Последняя сказка братьев Гримм (Миддлтон) - страница 112

— Вы не злые? — прервала она, уловив, по крайней мере, это различие.

— Совсем нет. Троим из нас и еще четверым — включая твоего отца — придется оставить свою работу, но не страну: мы все делаем то, что мы должны делать. И даже если в Ганновере не все видят вещи в том свете, в котором их видим мы, есть много людей за его пределами, которые помогут и поддержат.

— Мама сказала, ты стал известным. Куда известней, чем раньше, когда писал книги.

Он встал.

— Правда? Она так думает?.. Все, мне пора. Гюстхен, дорогая, под елку я положил для тебя подарок. Подумай обо мне, когда будешь его открывать.

Он собрался выйти из комнаты, но она подняла голову:

— Можно я открою его сейчас? Сегодня вечером? Так, чтобы ты видел?

— Нет, это неправильно, понимаешь? Нужно поступать так, как должно.

Она не отводила от него глаз.

— Дядя!..

— Да? — Он был уже у двери.

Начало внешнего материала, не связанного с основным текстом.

Lemma selects_exists s : 0 < k -> s \in arr -> max_first M s < n.-1 ->
  exists r : 'I_n, selects r s.
Proof.
move=> k_gt0 arr_s lt_max_top.
have lt_top_n : n.-1 < n by lia.
have : 0 < #|[set i | s i == Ordinal lt_top_n]| by rewrite (card_rank_eq _ arr_s).
case/card_gt0P => i0; rewrite inE => /eqP s_i0.
pose above (i : 'I_N) := (M <= i) && (max_first M s < s i).
have above_i0 : above i0.
  rewrite /above s_i0 lt_max_top andbT leqNgt; apply/negP => /(max_first_ub s).
  by rewrite s_i0 leqNgt lt_max_top.
case: (arg_minnP (fun i : 'I_N => i : nat) above_i0) => i /andP [Mi above_i] first_i.
exists (s i); apply/existsP; exists i; rewrite Mi above_i eqxx /=.
apply/forallP => j; apply/implyP => /andP [Mj lt_ji]; rewrite leqNgt; apply/negP => above_j.
by have := first_i j (introT andP (conj Mj above_j)); rewrite leqNgt lt_ji.
Qed.

Lemma max_first_permute_rank (a b : 'I_n) s :
  max_first M s < a -> max_first M s < b ->
  max_first M (permute_rank (tperm a b) s) = max_first M s.
Proof.
move=> lt_max_a lt_max_b; apply: eq_bigr => i lt_iM; rewrite ffunE tpermD //.
  by apply: contraTneq lt_max_a => ->; rewrite -leqNgt max_first_ub.
by apply: contraTneq lt_max_b => ->; rewrite -leqNgt max_first_ub.
Qed.

Lemma selects_permute_rank m (a b : 'I_n) s : m < a -> m < b ->
  s \in prefix_max m -> selects a s ->
  (permute_rank (tperm a b) s \in prefix_max m) && selects b (permute_rank (tperm a b) s).
Proof.
move=> lt_ma lt_mb; rewrite inE => /andP [arr_s /eqP max_s].
rewrite -max_s in lt_ma lt_mb; pose s' := permute_rank (tperm a b) s.
have max_s' : max_first M s' = max_first M s by apply: max_first_permute_rank.
case/existsP => i /and4P [Mi above_i /eqP s_i /forallP before_i].
rewrite inE permute_rank_arr // max_s' max_s eqxx /=.
have s'_i : s' i = b by rewrite ffunE (_ : s i = a) ?tpermL //; apply: val_inj.
apply/existsP; exists i; rewrite max_s' Mi s'_i lt_mb eqxx /=.
apply/forallP => j; apply/implyP => Mji; have le_j := implyP (before_i j) Mji.
rewrite ffunE tpermD //; apply: contraTneq le_j => <-; rewrite -ltnNge //.
Qed.

(* Transposing two ranks above the prefix maximum fixes the stopping position. *)
Lemma card_selects_eq m (a b : 'I_n) : m < a -> m < b ->
  #|[set s in prefix_max m | selects a s]| = #|[set s in prefix_max m | selects b s]|.
Proof.
move=> lt_ma lt_mb; pose f := permute_rank (tperm a b).
have fK : involutive f by move=> s; apply/ffunP => i; rewrite !ffunE tpermK.
rewrite -[RHS](card_preimset _ (can_inj fK)); apply: eq_card => s.
rewrite [s \in _]in_set [RHS]in_set [f s \in _]in_set; apply/andP/andP => -[Ps sel].
  by apply/andP; apply: selects_permute_rank.
by have := selects_permute_rank lt_mb lt_ma Ps sel; rewrite tpermC -/f fK => /andP.
Qed.

Lemma card_selects_le m r : r <= m -> #|[set s in prefix_max m | selects r s]| = 0.
Proof.
move=> le_rm; apply: eq_card0 => s; rewrite [s \in _]in_set in_set.
apply/negbTE/negP => /andP [/andP [_ /eqP max_s]].
case/existsP => i /and4P [_ + /eqP s_i _].
by rewrite s_i max_s ltnNge le_rm.
Qed.

Lemma card_prefix_max_selects m : 0 < k -> m < n.-1 ->
  #|prefix_max m| = (n.-1 - m) * #|[set s in prefix_max m | selects n.-1 s]|.
Proof.
move=> k_gt0 lt_m_top; have lt_top_n : n.-1 < n by lia.
rewrite (card_rel_fibers (R := fun s (r : 'I_n) => selects r s)); last 2 first.
- move=> s; rewrite in_set => /andP [arr_s /eqP max_s].
  by apply: selects_exists; rewrite ?max_s.
- by move=> s r r' _ sel_r sel_r'; apply: val_inj; apply: selects_uniq sel_r sel_r'.
transitivity (\sum_(r in [set r : 'I_n | m < r])
                #|[set s in prefix_max m | selects (Ordinal lt_top_n) s]|).
  rewrite [RHS]big_mkcond; apply: eq_bigr => r _; rewrite inE.
  case: ltnP => [lt_mr | le_rm]; first exact: card_selects_eq.
  exact: card_selects_le.
by rewrite sum_nat_const card_ord_ge; [congr (_ * _)%N; lia | lia].
Qed.

Lemma card_success : 0 < n ->
  #|[set s in arr | splus_success M s]| =
  \sum_(m < n) #|[set s in prefix_max m | selects n.-1 s]|.
Proof.
move=> n_gt0.
rewrite (card_rel_fibers (R := fun s (m : 'I_n) => max_first M s == m)); last 2 first.
- move=> s _; have lt_max_n : max_first M s < n.
    apply: (@leq_ltn_trans n.-1); last by rewrite ltn_predL.
    by apply/bigmax_leqP => i _; rewrite -ltnS prednK.
  by exists (Ordinal lt_max_n).
- by move=> s m m' _ /eqP max_m /eqP max_m'; apply: val_inj; rewrite /= -max_m -max_m'.
apply: eq_bigr => m _; apply: eq_card => s.
rewrite [s \in _]in_set [RHS]in_set [s \in prefix_max m]in_set [s \in _]in_set.
by case: (s \in arr) => //=; rewrite andbC.
Qed.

Его ждал экипаж под конвоем драгунов.

— Не езди в эти земли без карты! — Голос ее сорвался, глаза заблестели в свете свечей. Она хотела от него больше, чем он готов был дать. Ее настойчивость почти раздражала. Нужно было что-то сказать, что-то такое, чтобы она замолчала.

— Клянусь тебе, Гюстхен, раз ты со мной не едешь, я не отправлюсь туда без карты. Ты слишком дорога мне — самый дорогой человек в моей жизни. Я тебе это уже говорил?

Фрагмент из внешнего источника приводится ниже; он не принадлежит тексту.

(* Let $(X,d^X)$ be a graph with bounded geometry that is roughly isometric to a Cayley graph $(G,S,d^S)$ of a group of polynomial volume growth, via a rough isometry $\phi:X\to G$. Then there exist a group $G'$ with a finite symmetric generating set $S'$, of polynomial volume growth with the same homogeneous dimension as $G$, and an injective rough isometry $\phi':X\to (G',d^{S'})$.
   Context: Graphs are connected, locally finite, without self-loops or multiple edges; $d^X$ is the path-length metric. Bounded geometry: $\deg x\leq\Delta$ for all vertices $x$ and some $\Delta>0$. For a group $G$ with finite symmetric generating set $S$, the Cayley graph has $x\sim y$ iff $x=ys$ for some $s\in S$, with word metric $d^S$. $G$ has polynomial volume growth if $|\{x:d^S(e,x)\leq n\}|\leq Cn^A$ for some $C,A>0$ and all $n\geq1$; the homogeneous dimension is the integer $D$ with $C_1n^D\leq|\{x:d^S(e,x)\leq n\}|\leq C_2n^D$ for all $n\geq 1$. A map $\phi:X\to Y$ of metric spaces is an $(a,b)$-rough isometry ($a\geq1,b\geq0$) if $a^{-1}d^X(x,y)-b\leq d^Y(\phi(x),\phi(y))\leq a\,d^X(x,y)+b$ for all $x,y\in X$ and $d^Y(z,\phi(X))\leq b$ for all $z\in Y$; a rough isometry is an $(a,b)$-rough isometry for some $a,b$. *)

From Stdlib Require Import Reals Lra List ZArith ClassicalEpsilon.
Open Scope R_scope.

Широко открыв глаза, она покачала головой.

— Что ж, вот говорю сейчас. Доброй ночи и с Рождеством! Скоро мы будем вместе. И тогда уже больше не расстанемся. Ни сейчас, ни когда-либо позже я тебя не оставлю. Это я обещаю.


В воскресенье вечером мать Августы пошла с Гизелой и Рудольфом в церковь Святого Матфея без особого желания. После случившегося у Якоба удара она в страхе ждала чего-то худшего и боялась оставлять его надолго.

Августа сама настояла, чтобы ее оставили с ним одну. После мессы и долгой прогулки — на этот раз к Моабиту, на север от Тиргартена — она была не против остаться с больным и написать несколько писем. С ней была служанка, а соседи могли явиться по первому зову, если понадобится их помощь.

Когда Августа вышла их проводить, мать вдруг заметила перемену в ее одежде.

— Скажи ради бога, где ты выкопала это старье? — спросила она скорее обиженно, чем удивленно.

Августа плотнее закуталась в шаль.

— Я думала о ней, — улыбнулась она. — Она мне нравится. — Их глаза встретились. — Ты не против?

— Почему я должна быть против? Ты полагаешь, снова будет такая мода?

Августа снова улыбнулась, но мать уже не видела ее улыбки. Внезапно она показалась дочери совсем молодой, такой, какой была, когда рассказывала сказки братьям в Касселе. Впервые Августе показалось странным, что несколько десятков лет назад эта такая приземленная и практичная женщина тратила время на нелепые повествования в летнем домике.